[Stored data]
*** Begin section ***
(* Let $p$ be an odd prime, $R=F_p+vF_p$ with $v^2=v$, $\theta=\lambda+v\mu$ ($\lambda,\mu\in F_p$) a unit of $R$, and let $C$ be a $\theta$-constacyclic code of length $n$ over $R$ with generating set in standard form $\{vg_{1-v}(x),(1-v)g_v(x)\}$. Then: (1) $C^\perp=\langle vh_{1-v}^*(x),(1-v)h_v^*(x)\rangle$ and $|C^\perp|=p^{\deg(g_{1-v}(x))+\deg(g_v(x))}$; (2) $C^\perp=\langle vh_{1-v}^*(x)+(1-v)h_v^*(x)\rangle$; (3) $\phi_\theta(C^\perp)\subseteq\langle h_{1-v}^*(x)h_v^*(x)\rangle$.
   Context: A $\theta$-constacyclic code of length $n$ over $R$ is an $R$-submodule of $R^n$ closed under $(c_0,\dots,c_{n-1})\mapsto(\theta c_{n-1},c_0,\dots,c_{n-2})$, identified with an ideal of $R[x]/\langle x^n-\theta\rangle$ via $(c_i)\mapsto\sum c_ix^i$ (and likewise $C^\perp$, a $\theta^{-1}$-constacyclic code, with an ideal of $R[x]/\langle x^n-\theta^{-1}\rangle$); $\langle\cdot\rangle$ denotes the generated ideal. $C^\perp$ is the dual with respect to the standard Euclidean inner product on $R^n$. A set $\{vg_1(x),(1-v)g_2(x)\}$ is a generating set in standard form for $C$ if it generates $C$, each $g_i\in F_p[x]$ is monic or $0$, $g_1\mid x^n-(\lambda+\mu)$ if $g_1\ne0$, and $g_2\mid x^n-\lambda$ if $g_2\ne0$. Let $h_{1-v}(x),h_v(x)\in F_p[x]$ be defined by $g_{1-v}(x)h_{1-v}(x)=x^n-(\lambda+\mu)$ and $g_v(x)h_v(x)=x^n-\lambda$; for $h\in\{h_{1-v},h_v\}$ put $\widetilde h(x)=x^{\deg h}h(1/x)$ and $h^*(x)=\frac{1}{h(0)}\widetilde h(x)$. The polynomial Gray map $\phi_\theta$ sends $f(x)=r(x)+vq(x)$ ($r,q\in F_p[x]$ of degree $<n$) to $\lambda(\lambda+\mu)q(x)+x^n[-\mu r(x)-(\lambda+\mu)q(x)]\in F_p[x]/\langle x^{2n}-1\rangle$. *)

From HB Require Import structures.
From mathcomp Require Import all_boot all_order all_algebra.
From mathcomp Require Import ring.
Set Implicit Arguments. Unset Strict Implicit. Unset Printing Implicit Defensive.
Import Order.TTheory GRing.Theory.
Local Open Scope ring_scope.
*** End section ***
### Exercise brief
In the entries, some lines may contain the word "mathcomp". Give how many do, as a number by itself.

### Exercise solution
2